To convert a raw token quantity to a human amount, divide by 10 ** decimals using a decimal type:
from decimal import Decimal

raw      = Decimal("1380000000000")   # outputAmountRaw from a swap
decimals = 9                          # from GET /spot/tokens/{mint}
human    = raw / (Decimal(10) ** decimals)  # Decimal('1380')

Percentages

Percentage fields — pnlPct, exitPnlPct, winRate, priceChange24hPct, and others — follow the same decimal string rule. The value is expressed as a percent directly: "4.27" means 4.27% and "-12.5" means −12.5%. Do not divide by 100 before displaying.

Worked example

A $5 spot buy returns a response like the one below.
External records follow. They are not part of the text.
(* Let $\tilde w:\mathcal D^n(\delta)\to\mathcal D^n(\delta)$ and let $C\subset\mathcal D^n(\delta)$ be nonempty with $\tilde w(C)\subset C$. Let $\{\Lambda_\alpha\}_{\alpha\in\mathcal I}$ be the (possibly uncountable) family of all absorbing sets for $\tilde w$ in $C$. Then $\mathcal M:=\bigcap_{\alpha\in\mathcal I}\Lambda_\alpha$ is the set of all periodic points of $\tilde w$ in $C$, and hence $\mathcal M=\tilde w(\mathcal M)$.
   Context: $\mathcal D^n(\delta)=\{\delta m:m\in\mathbb Z^n\}\subset\mathbb R^n$ for fixed $\delta>0$. For a map $\tilde w$ and nonempty $C$ with $\tilde w(C)\subset C$, a set $\Lambda\subset C$ is an absorbing set for $\tilde w$ in $C$ if for every $\tilde x\in C$ there is $N\in\mathbb N$ with $\tilde w^{\circ i}(\tilde x)\in\Lambda$ for all $i\ge N$. A point $\tilde x$ is periodic if $\tilde w^{\circ k}(\tilde x)=\tilde x$ for some integer $k\ge1$. *)

From HB Require Import structures.
From mathcomp Require Import all_boot all_order all_algebra.
From mathcomp Require Import all_classical all_reals.
Set Implicit Arguments. Unset Strict Implicit. Unset Printing Implicit Defensive.
Import Order.TTheory GRing.Theory Num.Theory.
Local Open Scope ring_scope.
Local Open Scope classical_set_scope.

Definition lattice (R : realType) (n : nat) (delta : R) : set 'rV[R]_n :=
  [set x | exists m : 'rV[int]_n, x = delta *: map_mx (fun z : int => z%:~R) m].

Definition absorbing (T : Type) (w : T -> T) (C Lambda : set T) : Prop :=
  Lambda `<=` C /\
  forall x, C x -> exists N : nat, forall i : nat, (N <= i)%N -> Lambda (iter i w x).

Definition periodic (T : Type) (w : T -> T) (x : T) : Prop :=
  exists k : nat, (1 <= k)%N /\ iter k w x = x.

From HB Require Import structures.
From mathcomp Require Import all_boot all_order all_algebra.
From mathcomp Require Import all_classical all_reals.
Local Open Scope ring_scope.
Local Open Scope classical_set_scope.

(* A periodic point of C is revisited at arbitrarily late times (the multiples
   of its period), so it lies in every absorbing set.  If x is not periodic,
   an orbit passes through x at most once, since two visits would make x
   periodic; hence C minus {x} is again absorbing, and x is not in the
   intersection.  The periodic points form a w-invariant set because w maps
   each periodic cycle onto itself. *)

Section PeriodicPoints.
Set Implicit Arguments. Unset Strict Implicit.
Variables (T : Type) (w : T -> T).

Lemma iter_period_mul x k m : iter k w x = x -> iter (m * k)%N w x = x.
Proof. by move=> xk; rewrite iterM; apply: iter_fix. Qed.

Lemma iter_predn_period x k : (0 < k)%N -> iter k w x = x -> w (iter k.-1 w x) = x.
Proof. by move=> k_gt0 xk; rewrite -iterS prednK. Qed.

Lemma periodic_iter x i : periodic w x -> periodic w (iter i w x).
Proof.
move=> [k [k_gt0 xk]]; exists k; split => //.
by rewrite -iterD addnC iterD xk.
Qed.

Lemma revisit_periodic x y i j :
  (i < j)%N -> iter i w y = x -> iter j w y = x -> periodic w x.
Proof.
move=> lt_ij yi yj; exists (j - i)%N; split; first by rewrite subn_gt0.
by rewrite -[in iter _ w x]yi -iterD subnK // ltnW.
Qed.

Lemma nonperiodic_visit_uniq x y i j :
  ~ periodic w x -> iter i w y = x -> iter j w y = x -> i = j.
Proof.
move=> npx yi yj; case: (ltngtP i j) => // [lt_ij | lt_ji]; exfalso; apply: npx.
  exact: revisit_periodic lt_ij yi yj.
exact: revisit_periodic lt_ji yj yi.
Qed.

Variable C : set T.
Hypothesis wC : {homo w : x / C x}.

Lemma iter_closed x i : C x -> C (iter i w x).
Proof. by move=> Cx; elim: i => //= i; apply: wC. Qed.

Lemma absorbing_self : absorbing w C C.
Proof. by split => // x Cx; exists 0%N => i _; apply: iter_closed. Qed.

Lemma absorbing_periodic L x : absorbing w C L -> C x -> periodic w x -> L x.
Proof.
move=> [_ absL] Cx [k [k_gt0 xk]]; have [N LN] := absL x Cx.
by rewrite -(iter_period_mul N xk); apply: LN; rewrite leq_pmulr.
Qed.

Lemma absorbing_setD1 x : ~ periodic w x -> absorbing w C (C `\ x).
Proof.
move=> npx; split => [y [] //|y Cy].
have [[i yi]|no_visit] := pselect (exists i, iter i w y = x).
  exists i.+1 => j lt_ij; split; first exact: iter_closed.
  by move=> /= yj; move: lt_ij; rewrite (nonperiodic_visit_uniq npx yi yj) ltnn.
exists 0%N => j _; split; first exact: iter_closed.
by move=> yj; apply: no_visit; exists j.
Qed.

Lemma bigcap_absorbing :
  \bigcap_(L in [set L | absorbing w C L]) L = [set x | C x /\ periodic w x].
Proof.
apply/seteqP; split => [x Mx | x [Cx px] L absL]; last exact: absorbing_periodic.
have Cx : C x by apply: Mx absorbing_self.
split => //; apply: contrapT => npx.
by have [_] := Mx _ (absorbing_setD1 npx); apply.
Qed.

Lemma image_periodic_points :
  w @` [set x | C x /\ periodic w x] = [set x | C x /\ periodic w x].
Proof.
apply/seteqP; split => [_ [y [Cy py] <-] | x [Cx px]].
  by split; [apply: wC | apply: (periodic_iter 1)].
have [k [k_gt0 xk]] := px.
exists (iter k.-1 w x); last exact: iter_predn_period.
by split; [apply: iter_closed | apply: periodic_iter].
Qed.

End PeriodicPoints.

Theorem theorem2 (R : realType) (n : nat) (delta : R) (hdelta : 0 < delta)
    (w : 'rV[R]_n -> 'rV[R]_n) (C : set 'rV[R]_n)
    (hw : forall x, @lattice R n delta x -> @lattice R n delta (w x))
    (hCD : C `<=` @lattice R n delta) (hC0 : C !=set0) (hwC : w @` C `<=` C) :
  let M := \bigcap_(L in [set L : set 'rV[R]_n | absorbing w C L]) L in
  M = [set x | C x /\ periodic w x] /\ M = w @` M.
Proof.
have wC : {homo w : x / C x} by apply/image_subP.
by rewrite /= bigcap_absorbing // image_periodic_points.
Qed.
(* Let $A(x)=\sin^2(2\pi x)$, $\hat m(A)=\frac{A(1/3)+A(2/3)}{2}$, $\eta(x)=\frac{x}{4}+\frac12$, $F(x)=A(\frac{x}{2})+A(\frac{x}{4}+\frac12)$, and $V_2(x)=\lim_{n\to\infty}\sum_{i=0}^{n-1}[F(\eta^i(x))-2\hat m(A)]$ for $x\in[0,1]$. Then the function $V_1(x)=V_2\left(\frac{x+1}{2}\right)+A\left(\frac{x+1}{2}\right)-\hat m(A)$ satisfies, for all $x\in[0,1]$, $$V_1(x/2)+A(x/2)=V_2(x)+\hat m(A).$$
   Context: $\eta^i$ denotes the $i$-th iterate of $\eta$, with $\eta^0$ the identity. *)

From Stdlib Require Import Reals.
From Coquelicot Require Import Coquelicot.
Open Scope R_scope.

Definition A (x : R) : R := (sin (2 * PI * x)) ^ 2.

Definition mhat : R := (A (1/3) + A (2/3)) / 2.

Definition eta (x : R) : R := x / 4 + 1 / 2.

Definition eta_iter (i : nat) (x : R) : R := Nat.iter i eta x.

Definition F (x : R) : R := A (x / 2) + A (x / 4 + 1 / 2).

Fixpoint psum (x : R) (n : nat) : R :=
  match n with
  | O => 0
  | S k => psum x k + (F (eta_iter k x) - 2 * mhat)
  end.

Definition V2 (x : R) : R := real (Lim_seq (psum x)).

Definition V1 (x : R) : R := V2 ((x + 1) / 2) + A ((x + 1) / 2) - mhat.

(** [2/3] is the attracting fixed point of [eta], with contraction ratio [1/4], and
    [F (2/3) = 2 mhat].  Since [A], hence [F], is Lipschitz, the terms of the series
    defining [V2 x] decay geometrically, so it converges. *)

From Stdlib Require Import Reals Lra.
From Coquelicot Require Import Coquelicot.
Open Scope R_scope.

Lemma Rabs_sub_le_of_derive (f df : R -> R) (M : R) :
  (forall x, is_derive f x (df x)) -> (forall x, Rabs (df x) <= M) ->
  forall u v, Rabs (f u - f v) <= M * Rabs (u - v).
Proof.
  intros f_df df_le u v.
  destruct (MVT_abs f df v u) as [c [-> _]].
  - intros c _. apply is_derive_Reals, f_df.
  - apply Rmult_le_compat_r; [apply Rabs_pos | apply df_le].
Qed.

Lemma A_lipschitz (u v : R) : Rabs (A u - A v) <= 4 * PI * Rabs (u - v).
Proof.
  apply (Rabs_sub_le_of_derive A
           (fun x => 4 * PI * (sin (2 * PI * x) * cos (2 * PI * x))) (4 * PI)).
  - intros x. unfold A. auto_derive; [exact I | ring].
  - intros x. rewrite Rabs_mult, (Rabs_right (4 * PI)) by (pose proof PI_RGT_0; lra).
    rewrite <- (Rmult_1_r (4 * PI)) at 2.
    apply Rmult_le_compat_l; [pose proof PI_RGT_0; lra |].
    rewrite Rabs_mult, <- (Rmult_1_r 1).
    apply Rmult_le_compat; try apply Rabs_pos; apply Rabs_le;
      [apply SIN_bound | apply COS_bound].
Qed.

Lemma F_lipschitz (u v : R) : Rabs (F u - F v) <= 3 * PI * Rabs (u - v).
Proof.
  unfold F.
  replace (A (u / 2) + A (u / 4 + 1 / 2) - (A (v / 2) + A (v / 4 + 1 / 2)))
    with ((A (u / 2) - A (v / 2)) + (A (u / 4 + 1 / 2) - A (v / 4 + 1 / 2))) by ring.
  eapply Rle_trans; [apply Rabs_triang |].
  pose proof (A_lipschitz (u / 2) (v / 2)) as half.
  pose proof (A_lipschitz (u / 4 + 1 / 2) (v / 4 + 1 / 2)) as quarter.
  replace (u / 2 - v / 2) with ((u - v) * / 2) in half by field.
  replace (u / 4 + 1 / 2 - (v / 4 + 1 / 2)) with ((u - v) * / 4) in quarter by field.
  rewrite Rabs_mult, Rabs_inv, (Rabs_right 2) in half by lra.
  rewrite Rabs_mult, Rabs_inv, (Rabs_right 4) in quarter by lra.
  lra.
Qed.

Lemma F_two_thirds : F (2 / 3) = 2 * mhat.
Proof.
  unfold F, mhat.
  replace (2 / 3 / 2) with (1 / 3) by field.
  replace (2 / 3 / 4 + 1 / 2) with (2 / 3) by field.
  field.
Qed.

Lemma eta_iter_sub_two_thirds (k : nat) (y : R) :
  eta_iter k y - 2 / 3 = (1 / 4) ^ k * (y - 2 / 3).
Proof.
  induction k as [| k IHk]; unfold eta_iter in *.
  - simpl. ring.
  - rewrite Nat.iter_succ. unfold eta at 1. simpl. lra.
Qed.

Lemma ex_series_F_eta_iter (y : R) :
  ex_series (fun k => F (eta_iter k y) - 2 * mhat).
Proof.
  apply (@ex_series_le R_AbsRing R_CompleteNormedModule _
           (fun k => (3 * PI * Rabs (y - 2 / 3)) * (1 / 4) ^ k)).
  - intros k. change norm with Rabs. simpl.
    rewrite <- F_two_thirds.
    eapply Rle_trans; [apply F_lipschitz |].
    rewrite eta_iter_sub_two_thirds, Rabs_mult, (Rabs_right ((1 / 4) ^ k))
      by (apply Rle_ge, pow_le; lra).
    lra.
  - apply (@ex_series_scal_l R_AbsRing R_NormedModule), ex_series_geom.
    rewrite Rabs_right; lra.
Qed.

Lemma psum_succ (y : R) (n : nat) :
  psum y (S n) = sum_n (fun k => F (eta_iter k y) - 2 * mhat) n.
Proof.
  induction n as [| n IHn].
  - rewrite sum_O. simpl. ring.
  - rewrite sum_Sn, <- IHn. reflexivity.
Qed.

Lemma V2_Series (y : R) : V2 y = Series (fun k => F (eta_iter k y) - 2 * mhat).
Proof.
  unfold V2, Series. rewrite <- Lim_seq_incr_1.
  f_equal. apply Lim_seq_ext, psum_succ.
Qed.

Lemma V2_eta (y : R) : V2 y = F y - 2 * mhat + V2 (eta y).
Proof.
  rewrite !V2_Series, Series_incr_1 by apply ex_series_F_eta_iter.
  f_equal. apply Series_ext. intros k. unfold eta_iter. rewrite Nat.iter_succ_r.
  reflexivity.
Qed.

Theorem mainTheorem9 (x : R) (hx0 : 0 <= x) (hx1 : x <= 1) :
  V1 (x / 2) + A (x / 2) = V2 x + mhat.
Proof.
  unfold V1.
  replace ((x / 2 + 1) / 2) with (eta x) by (unfold eta; field).
  rewrite (V2_eta x). unfold F, eta. ring.
Qed.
Note that totalCostUsd is the human string "5", not 5000000.
{
  "data": {
    "trade": {
      "tradeType": "BUY",
      "tokenAmount": "1380.5",
      "tokenDecimals": 9,
      "pricePerTokenUsd": "0.00362",
      "totalCostUsd": "5",
      "alphaFeeUsd": "0.01",
      "pnlUsd": null
    }
  }
}
  • totalCostUsd: "5" → five dollars.
  • tokenAmount: "1380.5" → already humanized for trade rows (uses tokenDecimals).
  • pricePerTokenUsd: "0.00362" → a small price, still plain decimal — never "3.62e-3".
If you ever see a bare number where you expected a string, a value off by a factor of ~1,000,000, or scientific notation in a money field, that is a bug — please report it with the X-Request-Id header value. The API is designed so these never reach the wire.